WASHINGTON, DC –Today, the Obama Administration released its Consumer Privacy Bill of Rights. Unfortunately, not only does this bill fail to move consumer protection forward, it may move it backward.

We are pleased that the President has made consumer privacy a top priority this year, and we are eager to work with his Administration to advance that objective. However, we believe that a number of provisions within this proposal are deeply problematic, including:

  • The draft encourages a self-regulatory system that could allow companies to design the privacy policies the FTC would enforce. Based on that model, all current practices related to data collection, use, and sharing – even flawed practices – would be allowed to continue. The FTC’s already limited authority to prevent the unfair acts or practices regarding privacy would be further weakened.
  • State laws designed to hold companies accountable for protecting their customers’ personal information would be preempted, and individuals would be prevented from pursuing legal action if privacy policies are violated.
  • The proposal exempts new companies from any privacy requirements for their first 18 months of data collection, discouraging start-ups from designing consumer-focused privacy and security into their products and services.
  • This framework sets caps on penalties for companies that violate the privacy policies the companies themselves created. With some of the biggest and fastest-growing companies on earth – including those valued in the hundreds of billions of dollars – covered by this bill, a $25 million maximum penalty is just a slap on the wrist.

The Energy and Commerce Committee – and specifically the Subcommittee on Commerce Manufacturing, and Trade – is the committee of jurisdiction on consumer privacy and FTC issues. We have decades of experience dealing with the same issues this proposal attempts to address, and we have repeatedly expressed our interest in being actively involved in this process. Despite those efforts, our staff was not permitted to participate in drafting the proposal, or even to see it until just yesterday.

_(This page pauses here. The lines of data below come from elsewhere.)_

Lemma cost_gdev_hist F i h : profile_ge0 F -> valid_prot (F i) ->
  (forall g, valid_prot g -> (cost F i <= cost (upd F i g) i)%E) ->
  0 < hist_prob (F i) h -> cost (upd F i (gdev (F i) h)) i = cost F i.
Proof.
move=> F_ge0 Fi_valid Fi_opt; elim/last_ind: h => [_|h b IHh].
  by rewrite gdev_nil upd_id.
rewrite hist_prob_rcons => hb_gt0.
have /andP[h_gt0 b_gt0] : (0 < hist_prob (F i) h) && (0 < F i h b).
  move: hb_gt0; rewrite lt0r mulf_eq0 negb_or -andbA => /and3P[h_neq0 b_neq0 _].
  by rewrite !lt0r h_neq0 b_neq0 hist_prob_ge0 // F_ge0.
apply: (@convex_comb_ge_eq _ _ (F i h)
  (fun b' => cost (upd F i (gdev (F i) (rcons h b'))) i) _ b) => //.
- exact: F_ge0.
- by case: (Fi_valid h).
- by rewrite /cost; apply: nneseries_ge0 => t _ _; rewrite lee_fin Pr_ge0.
- by move=> b'; apply/Fi_opt/valid_gdev.
- by rewrite -cost_gdev_mix // IHh.
Qed.

Definition cost_on_hist F i a : \bar R := \sum_(0 <= s <oo) (Pr_tail_hist F i a s)%:E.

Lemma condcostE F i a : condcost F i a = (((Pr_hist F i a)^-1)%:E * cost_on_hist F i a)%E.
Proof. by []. Qed.

Lemma Pr_tail_hist_gdev F i g a s :
  Pr_tail_hist (upd F i g) i a s = hist_prob g a * Pr_tail_hist (upd F i (gdev g a)) i a s.
Proof.
rewrite /Pr_tail_hist !Pr_upd mulr_sumr; apply: eq_bigr => w /andP[pw /eqP wa].
by rewrite (own_weight_gdev g (leq_maxr _ _) (pendb_le (leq_maxr _ _) pw) wa) mulrCA.
Qed.

Lemma cost_on_hist_gdev F i g a : profile_ge0 F -> prot_ge0 g ->
  cost_on_hist (upd F i g) i a =
  ((hist_prob g a)%:E * cost_on_hist (upd F i (gdev g a)) i a)%E.
Proof.
move=> F_ge0 g_ge0; rewrite /cost_on_hist.
under eq_eseriesr do rewrite Pr_tail_hist_gdev EFinM.
by rewrite nneseriesZl // => s _; rewrite lee_fin; apply/Pr_ge0/profile_ge0_upd/gdev_ge0.
Qed.

Lemma Pr_tail_hist_gdev_late F i g a s : (size a <= s)%N ->
  Pr_tail_hist (upd F i (gdev g a)) i a s =
  Pr (upd F i (gdev g a)) (fun w : traj s => pendb w i s).
Proof.
move=> a_le_s; rewrite /Pr_tail_hist (maxn_idPl a_le_s) /Pr.
rewrite [LHS]big_mkcond [RHS]big_mkcond; apply: eq_bigr => w _.
case pw: (pendb w i s) => //=; case: eqP => // /eqP wa.
have pwa : pendb w i (size a) := pendb_le a_le_s pw.
by rewrite weight_upd (own_weight_gdev_eq0 _ (leqnn _) a_le_s pwa) ?take_size ?mulr0.
Qed.

Lemma weight_gdev_early F i x y a m (w : traj m) : (m <= size a)%N ->
  weight (upd F i (gdev x a)) w = weight (upd F i (gdev y a)) w.
Proof.
move=> ma; apply: eq_weight => j h hm; rewrite /upd; case: eqP => // _.
exact: gdev_eq_prefix (leq_trans hm ma).
Qed.

Lemma cost_on_hist_gdev_le F i x y a : profile_ge0 F -> prot_ge0 x -> prot_ge0 y ->
  (cost (upd F i (gdev x a)) i <= cost (upd F i (gdev y a)) i)%E ->
  (cost_on_hist (upd F i (gdev x a)) i a <= cost_on_hist (upd F i (gdev y a)) i a)%E.
Proof.
move=> F_ge0 x_ge0 y_ge0; apply: (nneseries_le_change_head (N := size a)).
- by move=> t; apply/Pr_ge0/profile_ge0_upd/gdev_ge0.
- by move=> t; apply/Pr_ge0/profile_ge0_upd/gdev_ge0.
- by move=> t; apply/Pr_ge0/profile_ge0_upd/gdev_ge0.
- by move=> t; apply/Pr_ge0/profile_ge0_upd/gdev_ge0.
- move=> t ta; apply: eq_bigr => w _; apply: weight_gdev_early.
  by rewrite (maxn_idPr (ltnW ta)).
- by move=> t ta; apply: eq_bigr => w _; apply: weight_gdev_early; exact: ltnW.
- by move=> t; exact: Pr_tail_hist_gdev_late.
- by move=> t; exact: Pr_tail_hist_gdev_late.
Qed.

Lemma condcost_upd F i g a : profile_ge0 F -> prot_ge0 g ->
  condcost (upd F i g) i a =
  (((Pr_hist (upd F i g) i a)^-1 * hist_prob g a)%:E *
   cost_on_hist (upd F i (gdev g a)) i a)%E.
Proof. by move=> F_ge0 g_ge0; rewrite condcostE cost_on_hist_gdev // EFinM muleA. Qed.

Lemma condcost_le_of_cost_gdev_le F i g a : profile_ge0 F -> prot_ge0 g ->
  (forall h, (size h < size a)%N -> g h = F i h) ->
  (cost (upd F i (gdev (F i) a)) i <= cost (upd F i (gdev g a)) i)%E ->
  (condcost F i a <= condcost (upd F i g) i a)%E.
Proof.
move=> F_ge0 g_ge0 g_eq le_cost.
have Pr_hist_eq : Pr_hist (upd F i g) i a = Pr_hist F i a.
  apply: eq_bigr => w _; apply: eq_weight => j h ha.
  by rewrite /upd; case: eqP => // ->; exact: g_eq.
have := condcost_upd i a F_ge0 (F_ge0 i); rewrite upd_id => ->.
rewrite condcost_upd // Pr_hist_eq (eq_hist_prob g_eq); apply: lee_wpmul2l.
  by rewrite lee_fin mulr_ge0 ?invr_ge0 ?hist_prob_ge0 ?Pr_ge0.
exact: cost_on_hist_gdev_le.
Qed.
Lemma continuous_ucont_on_cube n (F : 'rV[R]_n -> R) :
  {within cube n, continuous F} -> ucont_on_cube F.
Proof.
move=> cF e e0; apply: contrapT => noD.
have bad k : exists xy : 'rV[R]_n * 'rV[R]_n, [/\ cube n xy.1, cube n xy.2,
    forall i, `|xy.1 ord0 i - xy.2 ord0 i| < k.+1%:R^-1 & e <= `|F xy.1 - F xy.2|].
  apply: contrapT => noxy; apply: noD; exists k.+1%:R^-1 => // x y xc yc xy.
  by rewrite ltNge; apply/negP => Fxy; apply: noxy; exists (x, y).
have [X Xbad] := choice bad.
have X1_cube : \forall k \near \oo, cube n (X k).1 by apply: nearW => k; case: (Xbad k).
have [z [zc zX]] := @compact_cube n ((fun k => (X k).1) @ \oo) _ X1_cube.
have e20 : 0 < e / 2 by rewrite divr_gt0.
have [d d0 Fd] := continuous_on_cube_coord cF zc e20.
have d20 : 0 < d / 2 by rewrite divr_gt0.
have [_ [[k kd ->] zXk]] := zX [set v | exists2 k : nat, 2 / d < k%:R & v = (X k).1]
  (ball z (d / 2)) (filterS (fun k kd => ex_intro2 _ _ k kd erefl) (nbhs_infty_gtr (2 / d)))
  (nbhsx_ballx z _ d20).
case: (Xbad k) => X1c X2c X12 FX12.
have k_d2 : k.+1%:R^-1 < d / 2.
  rewrite -[d / 2]invrK ltf_pV2 ?posrE ?invr_gt0 // invf_div.
  by rewrite (lt_trans kd) // ltr_nat.
have zX1 := (rV_ballP _ _ d20).1 zXk.
have FzX1 : `|F z - F (X k).1| < e / 2 by apply: Fd => // i; have := zX1 i; lra.
have FzX2 : `|F z - F (X k).2| < e / 2.
  apply: Fd => // i; rewrite (le_lt_trans (ler_distD ((X k).1 ord0 i) _ _)) // [d]splitr.
  by rewrite ltrD // (lt_trans (X12 i)).
have := ler_distD (F z) (F (X k).1) (F (X k).2); rewrite distrC in FzX1.
by move: FX12 FzX1 FzX2; lra.
Qed.

Lemma continuous_regular n (F : 'rV[R]_n -> R) :
  {within cube n, continuous F} -> regular F.
Proof.
move=> cF; split; first exact: continuous_ucont_on_cube.
have [M [_ FM]] := compact_bounded (continuous_compact cF (@compact_cube n)).
by exists (M + 1) => x xc; apply: (FM (M + 1)); [rewrite ltrDl | exists x].
Qed.

Lemma Rintegral01_cst c : \int[mu]_(t in I01) c = c.
Proof.
rewrite Rintegral_cst; last exact: measurable_itv.
have := lebesgue_measure_itv `[(0:R), 1]; rewrite /= lte_fin ltr01 /= => ->.
by rewrite /= subr0 mulr1.
Qed.

Lemma cube_int_cst n c : cube_int (fun _ : 'rV[R]_n => c) = c.
Proof.
elim: n => [//|n IH] /=.
by under eq_Rintegral do rewrite IH; exact: Rintegral01_cst.
Qed.

(* Bundled because continuity of the partial integrals in dimension n.+1 needs
   both properties in dimension n. *)
Definition cube_int_additive_monotone n :=
  (forall F G : 'rV[R]_n -> R, regular F -> regular G ->
     cube_int (fun x => F x + G x) = cube_int F + cube_int G) /\
  (forall F G : 'rV[R]_n -> R, regular F -> regular G ->
     (forall x, cube n x -> F x <= G x) -> cube_int F <= cube_int G).

Lemma cube_int_section_continuous n (F : 'rV[R]_n.+1 -> R) :
  cube_int_additive_monotone n -> regular F ->
  {within I01, continuous (fun t => cube_int (fun x => F (vcons t x)))}.
Proof.
move=> [cube_intD le_cube_int] rF; apply/subspace_continuousP => t t01.
apply/cvgrPdist_lt => e e0; have e20 : 0 < e / 2 by rewrite divr_gt0.
have [d d0 Fd] := rF.1 _ e20.
apply/nbhs_ballP; exists d => // s ts s01.
move: t01 s01; rewrite /= !in_itv /= => t01 s01.
have rFs : regular (fun x => F (vcons s x)) by exact: regular_vcons.
have Fts x : cube n x -> `|F (vcons t x) - F (vcons s x)| < e / 2.
  move=> xc; apply: Fd; try exact: cube_vcons.
  by move=> i; case: (unliftP ord0 i) => [j ->|->]; rewrite ?vconsS ?vcons0 ?subrr ?normr0.
have shift c : cube_int (fun x => F (vcons s x) + c) = cube_int (fun x => F (vcons s x)) + c.
  by rewrite cube_intD ?cube_int_cst //; exact: regular_cst.
suff : `|cube_int (fun x => F (vcons t x)) - cube_int (fun x => F (vcons s x))| <= e / 2.
  by rewrite distrC; lra.
rewrite ler_distl -!shift; apply/andP; split; apply: le_cube_int;
  try exact: regularD rFs (regular_cst _ _); try exact: regular_vcons.
all: by move=> x /Fts /ltW; rewrite ler_distl => /andP[].
Qed.

Lemma cube_int_section_integrable n (F : 'rV[R]_n.+1 -> R) :
  cube_int_additive_monotone n -> regular F ->
  mu.-integrable I01 (EFin \o fun t => cube_int (fun x => F (vcons t x))).
Proof.
move=> P rF; apply: continuous_compact_integrable; first exact: segment_compact.
exact: cube_int_section_continuous.
Qed.

Lemma cube_int_additive_monotoneP n : cube_int_additive_monotone n.
Proof.
elim: n => [|n IH]; first by split => //= F G _ _; apply => -[].
have int_section F := @cube_int_section_integrable n F IH.
split => [F G rF rG | F G rF rG FG] /=.
  rewrite -RintegralD; [|exact: measurable_itv|exact: int_section|exact: int_section].
  apply: eq_Rintegral => t; rewrite in_I01 => t01.
  by apply: IH.1; exact: regular_vcons.
apply: le_Rintegral; [exact: measurable_itv|exact: int_section|exact: int_section|].
move=> t /= /[!in_itv] /= t01; apply: IH.2; try exact: regular_vcons.
by move=> x xc; apply: FG; exact: cube_vcons.
Qed.

Lemma cube_intD n (F G : 'rV[R]_n -> R) : regular F -> regular G ->
  cube_int (fun x => F x + G x) = cube_int F + cube_int G.
Proof. exact: (cube_int_additive_monotoneP n).1. Qed.

Lemma le_cube_int n (F G : 'rV[R]_n -> R) : regular F -> regular G ->
  (forall x, cube n x -> F x <= G x) -> cube_int F <= cube_int G.
Proof. exact: (cube_int_additive_monotoneP n).2. Qed.

Lemma cube_intZ n c (F : 'rV[R]_n -> R) : regular F ->
  cube_int (fun x => c * F x) = c * cube_int F.
Proof.
elim: n F => [//|n IH] F rF /=.
have int_section := cube_int_section_integrable (cube_int_additive_monotoneP n) rF.
rewrite -RintegralZl; [|exact: measurable_itv|exact: int_section].
apply: eq_Rintegral => t; rewrite in_I01 => t01.
by apply: IH; exact: regular_vcons.
Qed.

Lemma cube_intB n (F G : 'rV[R]_n -> R) : regular F -> regular G ->
  cube_int (fun x => F x - G x) = cube_int F - cube_int G.
Proof.
move=> rF rG; have rNG := regularM (regular_cst n (-1)) rG.
transitivity (cube_int (fun x => F x + -1 * G x)).
  by congr cube_int; apply: funext => x; ring.
by rewrite cube_intD // cube_intZ // mulN1r.
Qed.

Lemma cube_int_sum n (I : Type) (s : seq I) (P : pred I) (Fs : I -> 'rV[R]_n -> R) :
  (forall i, regular (Fs i)) ->
  cube_int (fun x => \sum_(i <- s | P i) Fs i x) = \sum_(i <- s | P i) cube_int (Fs i).
Proof.
move=> rFs; elim: s => [|i s IH].
  by under [fun x => _]funext do rewrite big_nil; rewrite big_nil cube_int_cst.
under [fun x => _]funext do rewrite big_cons.
rewrite big_cons; case: (P i) => //.
by rewrite cube_intD ?IH //; exact: regular_sum.
Qed.

Lemma le_norm_cube_int n (F : 'rV[R]_n -> R) M : regular F ->
  (forall x, cube n x -> `|F x| <= M) -> `|cube_int F| <= M.
Proof.
move=> rF FM; rewrite ler_norml -[-M](cube_int_cst n) -[in _ <= M](cube_int_cst n M).
apply/andP; split; apply: le_cube_int => //; try exact: regular_cst.
all: by move=> x /FM; rewrite ler_norml => /andP[].
Qed.

Lemma continuous_integrable01 (g : R -> R) : continuous g -> mu.-integrable I01 (EFin \o g).
Proof.
move=> cg; apply: continuous_compact_integrable; first exact: segment_compact.
exact: continuous_subspaceT.
Qed.

Lemma integrable01_onemXn k : mu.-integrable I01 (EFin \o fun t => (1 - t) ^+ k).
Proof. by apply: continuous_integrable01 => t; exact: continuous_onemXn. Qed.

Lemma integrable01_onemXnZ c k : mu.-integrable I01 (EFin \o fun t => c * (1 - t) ^+ k).
Proof.
apply: continuous_integrable01 => t.
by apply: cvgM; [exact: cvg_cst | exact: continuous_onemXn].
Qed.

Lemma Rintegral01_onemXnZ c k : \int[mu]_(t in I01) (c * (1 - t) ^+ k) = c / k.+1%:R.
Proof.
rewrite RintegralZl; [|exact: measurable_itv|exact: integrable01_onemXn].
by have := @Rintegral_onemXn R k; rewrite /unstable.onem => ->.
Qed.

Definition ctr t := t - 2^-1.

Lemma Rintegral01_ctr : \int[mu]_(t in I01) ctr t = 0.
Proof.
transitivity (\int[mu]_(t in I01) (2^-1 * (1 - t) ^+ 0 + (-1) * (1 - t) ^+ 1)).
  by apply: eq_Rintegral => t _; rewrite /ctr expr0 expr1; field.
rewrite RintegralD ?Rintegral01_onemXnZ; last 3 first.
- exact: measurable_itv.
- exact: integrable01_onemXnZ.
- exact: integrable01_onemXnZ.
by field.
Qed.

Lemma Rintegral01_ctr2 : \int[mu]_(t in I01) (ctr t ^+ 2) = 12^-1.
Proof.
transitivity (\int[mu]_(t in I01)
    (1 * (1 - t) ^+ 2 + ((-1) * (1 - t) ^+ 1 + 4^-1 * (1 - t) ^+ 0))).
  by apply: eq_Rintegral => t _; rewrite /ctr expr0 expr1; field.
have int_tail :
    mu.-integrable I01 (EFin \o fun t => (-1) * (1 - t) ^+ 1 + 4^-1 * (1 - t) ^+ 0).
  apply: continuous_integrable01 => t.
  by apply: cvgD; apply: cvgM; (exact: cvg_cst || exact: continuous_onemXn).
rewrite RintegralD; [|exact: measurable_itv|exact: integrable01_onemXnZ|exact: int_tail].
rewrite RintegralD; [|exact: measurable_itv|exact: integrable01_onemXnZ..].
by rewrite !Rintegral01_onemXnZ; field.
Qed.

Lemma continuous_ctr : continuous ctr.
Proof. by move=> t; apply: cvgB; [exact: cvg_id | exact: cvg_cst]. Qed.

Lemma regular_ctr n (j : 'I_n) : regular (fun x : 'rV[R]_n => ctr (x ord0 j)).
Proof. exact: regularB (regular_coord j) (regular_cst _ _). Qed.

Lemma cube_int_coord n (phi : R -> R) (j : 'I_n) :
  cube_int (fun x => phi (x ord0 j)) = \int[mu]_(t in I01) phi t.
Proof.
elim: n j => [|n IH] j; first by case: j.
case: (unliftP ord0 j) => [k ->|->] /=.
  under eq_Rintegral do under [fun x => _]funext do rewrite vconsS.
  by under eq_Rintegral do rewrite IH; rewrite Rintegral01_cst.
apply: eq_Rintegral => t _.
by under [fun x => _]funext do rewrite vcons0; rewrite cube_int_cst.
Qed.

Lemma cube_int_ctrM_indep n (G : 'rV[R]_n -> R) (j : 'I_n) : regular G ->
  (forall x y : 'rV[R]_n, (forall i, i != j -> x ord0 i = y ord0 i) -> G x = G y) ->
  cube_int (fun x => ctr (x ord0 j) * G x) = 0.
Proof.
elim: n G j => [|n IH] G j rG; first by case: j.
case: (unliftP ord0 j) => [k ->|->] Gj /=.
  rewrite -[RHS](Rintegral01_cst 0); apply: eq_Rintegral => t; rewrite in_I01 => t01.
  under [fun x => _]funext do rewrite vconsS.
  apply: IH; first exact: regular_vcons.
  move=> x y xy; apply: Gj => i; case: (unliftP ord0 i) => [i' ->|->]; rewrite ?vcons0 //.
  by rewrite (inj_eq lift_inj) !vconsS; exact: xy.
set c := cube_int (fun x => G (vcons 0 x)).
transitivity (\int[mu]_(t in I01) (ctr t * c)); last first.
  rewrite RintegralZr; [|exact: measurable_itv|exact: continuous_integrable01 continuous_ctr].
  by rewrite Rintegral01_ctr mul0r.
apply: eq_Rintegral => t; rewrite in_I01 => t01.
have Gt x : G (vcons t x) = G (vcons 0 x).
  apply: Gj => i; case: (unliftP ord0 i) => [i' ->|->]; last by rewrite eqxx.
  by rewrite !vconsS.
under [fun x => _]funext do rewrite vcons0 Gt.
by rewrite cube_intZ //; apply: regular_vcons; rewrite ?lexx ?ler01.
Qed.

We were pleased to see that the Administration took our suggestion and removed the provision, found in an earlier draft, which would have moved telecommunications carriers and cable companies from the privacy regime regulated and enforced by the Federal Communications Commission to a self-regulatory system within the Federal Trade Commission’s (FTC) purview. But much more work remains.

We believe that the public will have serious concerns about the changes this bill would make to existing privacy protections and the framework it would establish for privacy protections moving forward. We share those concerns, but we stand ready and willing to help strengthen privacy protections in this proposal.